Almost every professional guitar player in rock and roll seem to own a Les Paul. Neil Young has a really special one, called Old Black:

Cradled in a stand in front of the amps is the fuse for the dynamite, Young’s trademark ax – Old Black, a ’53 Gold Top Les Paul some knothead daubed with black paint eons ago. Old Black’s features include a Bigsby wang bar, which pulls strings and bends notes, and a Firebird pickup so sensitive you can talk through it. It’s a demonic instrument. “Old Black doesn’t sound like any other guitar,” said [Larry] Cragg [Young's guitar technician], shaking his head.

For Cragg, Old Black is a nightmare. Young won’t permit the ancient frets to be changed, likes his strings old and used, and the Bigsby causes the guitar to go out of tune constantly. “At sound check, everything will work great. Neil picks up the guitar, and for some reason that’s when things go wrong” [p. 8 in Shakey, Jimmy McDonough's Neil Young biography].

More about Old Black in McDonough’s Shakey:

Young came to [sit in on a gig with the Rockets, the earlier band of the members of Neil's legendary back up band Crazy Horse] armed with the weapons that have become crucial elements of his rock and roll sound: Old Black, a 1953 Gibson Les Paul, plugged into a 1959 Fender Deluxe. The guitar came from Jim Messina, who found the instrument’s monstrous sound uncontrollable. “Neil’s the kind of guy that if there’s an old scraggly dog walkin’ down the street, he’d see somethin’ in that dog and take it home. That’s kind of like the Les Paul – I liked the way it looked, but it was just terrible. It sounded like hell. Neil loved it,” said Messina.

Young bought the Deluxe for approximately fifty bucks in 1967. As Young told writer Jas Obrecht, he “took it home, plugged in this Gretsch guitar and immediately the entire room started to vibrate….I went, ‘Holy shit!’ I turned it halfway down before it stopped feeding back.” The Les Paul/Deluxe combo, which remains the cornerstone of his sound, would make its thunderous debut in Young’s music on his very first record with Crazy Horse, Everybody Knows This Is Nowhere [p. 298].

Old Black

David Briggs on How to Make Records

August 11, 2009

In the Neil Young biography Shakey, written by Jimmy McDonough, there’s a long quote from David Briggs on how to make records, and a little bit about what he thought of Neil Young:

I can teach you everything I know in an hour. Everything. That’s how simple it is to make records. Nowadays, buddy, the technician is in control of the medium. They try to make out like it’s black magic, or flyin’ a spaceship. I can teach anybody on this planet how to fly the spaceship.
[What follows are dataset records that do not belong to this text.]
Lemma branch_cvg p : P p -> (branch^~ p) @ y --> p.
Proof.
move=> [_ Tp] V /= pV.
have pVU : nbhs p (V `&` U p) by apply: filterI => //; exact: (U_spec p).1.
have := Ty_open Tp pVU; rewrite Tp; apply: filterS => z [w [Vw Uw] Twz].
have [Ug Tg] := branch_spec (ex_intro2 _ _ w Uw Twz).
by rewrite /= ((U_spec p).2 _ _ Ug Uw) // Tg Twz.
Qed.

Lemma near_branches_defined : \forall z \near y, forall p, P p -> (T @` U p) z.
Proof.
apply: filter_finite_forall; first exact: support_fibre_finite.
by move=> p [_ Tp]; have := Ty_open Tp (U_spec p).1; rewrite Tp.
Qed.

Lemma near_branches_injective : \forall z \near y,
  forall pq, (P `*` P) pq -> pq.1 != pq.2 -> branch z pq.1 != branch z pq.2.
Proof.
apply: filter_finite_forall.
  exact: finite_setX support_fibre_finite support_fibre_finite.
move=> [p q] [/= Pp Pq].
have [->|pq] := eqVneq p q; first by apply: nearW => z; rewrite eqxx.
have [[A B] [/= Ap Bq] [oA oB /eqP AB0]] := (eq_ind _ id hsX _ open_hausdorff) p q pq.
have pA : nbhs p A by apply: open_nbhs_nbhs; split=> //; exact: set_mem.
have qB : nbhs q B by apply: open_nbhs_nbhs; split=> //; exact: set_mem.
have yA : nbhs y [set z | A (branch z p)] := branch_cvg Pp pA.
have yB : nbhs y [set z | B (branch z q)] := branch_cvg Pq qB.
apply: filterS (filterI yA yB) => z [/= zA zB] _.
apply/eqP => e; suff : (A `&` B) (branch z q) by rewrite AB0.
by split=> //; rewrite -e.
Qed.

Let K' := K `&` ~` (\bigcup_(p in P) interior (U p)).

(* T(K') is compact and misses y, so near y every preimage in the support lies
   in the domain of one of the branches. *)
Lemma near_notin_image_uncovered : \forall z \near y, ~ (T @` K') z.
Proof.
have clK' : closed K'.
  apply: closedI; first exact: closed_closure.
  by rewrite closedC; apply: bigcup_open => p _; exact: open_interior.
have cTK' : compact (T @` K').
  apply: continuous_compact; first exact: continuous_subspaceT.
  by apply: subclosed_compact clK' f_supp _; exact: subIsetl.
apply: open_nbhs_nbhs; split; first by apply: closed_openC; exact: compact_closed.
move=> [k [Kk nk] Tky]; apply: nk; exists k; first by split.
exact: (U_spec k).1.
Qed.

Lemma near_branch_sum_transfer :
  \forall z \near y, \sum_(p \in P) f (branch z p) = transfer T f z.
Proof.
apply: filterS (filterI near_branches_defined
  (filterI near_notin_image_uncovered near_branches_injective)) => z [zU [zK' zinj]].
rewrite /transfer -(fsbig_widen (branch z @` P) (T @^-1` [set z]) f).
- rewrite fsbig_image // => a b /set_mem Pa /set_mem Pb e.
  apply: contrapT => /eqP ab.
  by have := zinj (a, b) (conj Pa Pb) ab; rewrite /= e eqxx.
- by move=> _ [p Pp <-]; exact: (branch_spec (zU p Pp)).2.
move=> w [/= Twz nw]; apply: contrapT => /eqP fw.
have [p Pp Uw] : (\bigcup_(p in P) interior (U p)) w.
  apply: contrapT => nU; apply: zK'; exists w => //.
  by split=> //; exact: subset_closure.
apply: nw; exists p => //; have [Ug Tg] := branch_spec (zU p Pp).
by apply: (U_spec p).2 => //; [exact: interior_subset | rewrite Tg Twz].
Qed.

Lemma transfer_fibre_sum : transfer T f y = \sum_(p \in P) f p.
Proof.
rewrite /transfer -(fsbig_widen P (T @^-1` [set y]) f) //; first by move=> p [].
move=> w [/= Twy Pw]; apply: contrapT => /eqP fw.
by apply: Pw; split=> //; exact: subset_closure.
Qed.

Lemma transfer_continuous_at : {for y, continuous (transfer T f)}.
Proof.
have fP := support_fibre_finite.
suff : (fun z => \sum_(p \in P) f (branch z p)) @ y --> \sum_(p \in P) f p.
  rewrite -transfer_fibre_sum => h.
  by apply: cvg_trans h; apply: near_eq_cvg; exact: near_branch_sum_transfer.
under eq_fun do rewrite fsbig_finite // big_seq.
rewrite fsbig_finite // big_seq; apply: cvg_big; first exact: add_continuous.
move=> p; rewrite in_fset_set // => /set_mem Pp.
apply: cvg_comp; [exact: branch_cvg | exact: f_cont].
Qed.

End TransferContinuity.

Section Bump.
Local Open Scope ring_scope.
Context {R : realType} {X : topologicalType}.
Hypotheses (lcX : locally_compact [set: X]) (hsX : hausdorff_space X).

Lemma Cc_bump (V : set X) (x : X) : open V -> V x ->
  exists f : X -> R, [/\ Cc f, f x = 1 & forall y, f y != 0 -> V y].
Proof.
move=> oV Vx; have [K [xK cK clK]] := compact_closed_nbhs lcX x.
pose W := interior (V `&` K).
have Wx : W x by apply: filterI => //; exact: open_nbhs_nbhs.
have crX := @locally_compact_completely_regular X R lcX hsX.
have sep := crX x (~` W) (open_closedC (@open_interior _ _)) (fun nWx => nWx Wx).
pose g := @Urysohn X R [set x] (~` W).
have g0 : g x = 0 by apply: (Urysohn_sub0 sep); exists x.
have g1 y : ~ W y -> g y = 1 by move=> nW; apply: (Urysohn_sub1 sep); exists y.
have fW y : 1 - g y != 0 -> W y.
  by apply: contraPP => /g1 ->; rewrite subrr eqxx.
exists (fun y => 1 - g y); split.
- split; first by move=> y; apply: cvgB; [exact: cvg_cst | exact: Urysohn_continuous].
  apply: subclosed_compact (@closed_closure _ _) cK _.
  move=> y /(closureS fW) /(closureS (@interior_subset _ _)) /closureI[_].
  by rewrite -(closure_id K).1.
- by rewrite g0 subr0.
- by move=> y /fW /interior_subset[].
Qed.

End Bump.

Section CriticalValues.
Local Open Scope ring_scope.
Context {R : realType} {X : topologicalType} (T : X -> X).
Hypotheses (lcX : locally_compact [set: X]) (hsX : hausdorff_space X)
  (cT : continuous T) (liT : locally_injective T).

(* Test Lambda on a bump at x supported where T is injective and T(U0) is not a
   neighbourhood of T x: Lambda f is 1 at T x but vanishes off T(U0). *)
Lemma crit_point_crit_value (x : X) :
  crit_points T x -> @crit_values X R T (T x).
Proof.
move=> Cx.
have [U0 [xU0 nTU0]] : exists U0, nbhs x U0 /\ ~ nbhs (T x) (T @` U0).
  apply: contrapT => /forallNP hU; apply: Cx => U xU.
  by have /not_andP[//|/contrapT] := hU U.
have [Ui [xUi iUi]] := liT x.
have xV : interior (U0 `&` Ui) x by exact: filterI.
have [f [fCc fx1 fV]] := @Cc_bump R _ lcX hsX _ _ (@open_interior _ _) xV.
exists f; split=> // Tfx.
have Tfx1 : transfer T f (T x) = 1.
  rewrite /transfer -(fsbig_widen [set x] (T @^-1` [set T x]) f) ?fsbig_set1 //.
    by move=> y ->.
  move=> y [/= Tyx nyx]; apply: contrapT => /eqP fy; apply: nyx.
  apply: iUi => //; last exact: nbhs_singleton.
  by have /interior_subset[] := fV _ fy.
apply: nTU0.
have : nbhs (T x) (transfer T f @^-1` [set r : R | r != 0]).
  apply: Tfx; apply: open_nbhs_nbhs; split; first exact: open_neq.
  by rewrite /= Tfx1 oner_eq0.
apply: filterS => z /= /(@fsbigN1 _ _ _ unit X _ (fun _ => f) tt)[y /= Tyz fy].
by exists y => //; have /interior_subset[] := fV _ fy.
Qed.

Lemma crit_values_sub_image : @crit_values X R T `<=` T @` crit_points T.
Proof.
move=> y [f [[f_cont f_supp] nf]]; apply: contrapT => ny; apply: nf.
apply: transfer_continuous_at => // x Txy.
by apply: contrapT => nx; apply: ny; exists x.
Qed.

End CriticalValues.

Theorem corollary4p12 (R : realType) (X : topologicalType) (T : X -> X) :
  @second_countable X -> locally_compact [set: X] -> hausdorff_space X ->
  continuous T -> locally_injective T ->
  (meagre (@sat_crit X R T) <-> meagre (crit_points T)).
Proof.
move=> scX lcX hsX cT liT; split.
  apply: sub_meagre => x Cx; exists 1 => //=; exists 0 => //.
  by exists (T x) => //; exact: crit_point_crit_value.
move=> mC; have dT : dense [set x | open_at T x].
  by rewrite -[S in dense S]setCK; exact: meagre_denseC.
have [V coverV] := locally_injective_countable_cover scX liT.
have mCV : meagre (@crit_values X R T).
  exact: sub_meagre (crit_values_sub_image hsX cT liT) (meagre_image cT dT coverV mC).
apply: bigcup_meagre => k; apply: (meagre_iter_preimage cT dT).
by apply: bigcup_meagre => n; exact: (meagre_iter_image cT dT coverV n mCV).
Qed.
If you look at the modern console, there’ll be thirty knobs – high frequency, low frequency, midfrequency, all notched in little tiny, tiny, teeny tiny degrees – and it’s all bullshit. All this stuff doesn’t matter, and you can’t be intimidated. You just ignore it – all of it.

I walk into studios with the biggest console known to mankind, and I ask for the schematic and say, “Can you patch from here to here and eliminate the ENTIRE board?” I just run it right into the tape machines. All the modern consoles, they’re all made by hacks, they’re not worth a shit, they sound terrible. None of it touches the old tube stuff – like the green board from Heider’s. It has two tone controls – high end, low end and a pan knob – and that’s it. I had great good fortune when I was a kid and started makin’ records. I made ‘em at Wally Heider’s, Gold Star, so all the people that taught me were Frank Dimidio, Dave Gold, Stan Ross, Dean Jensen – these guys were the geniuses of the music business, still are.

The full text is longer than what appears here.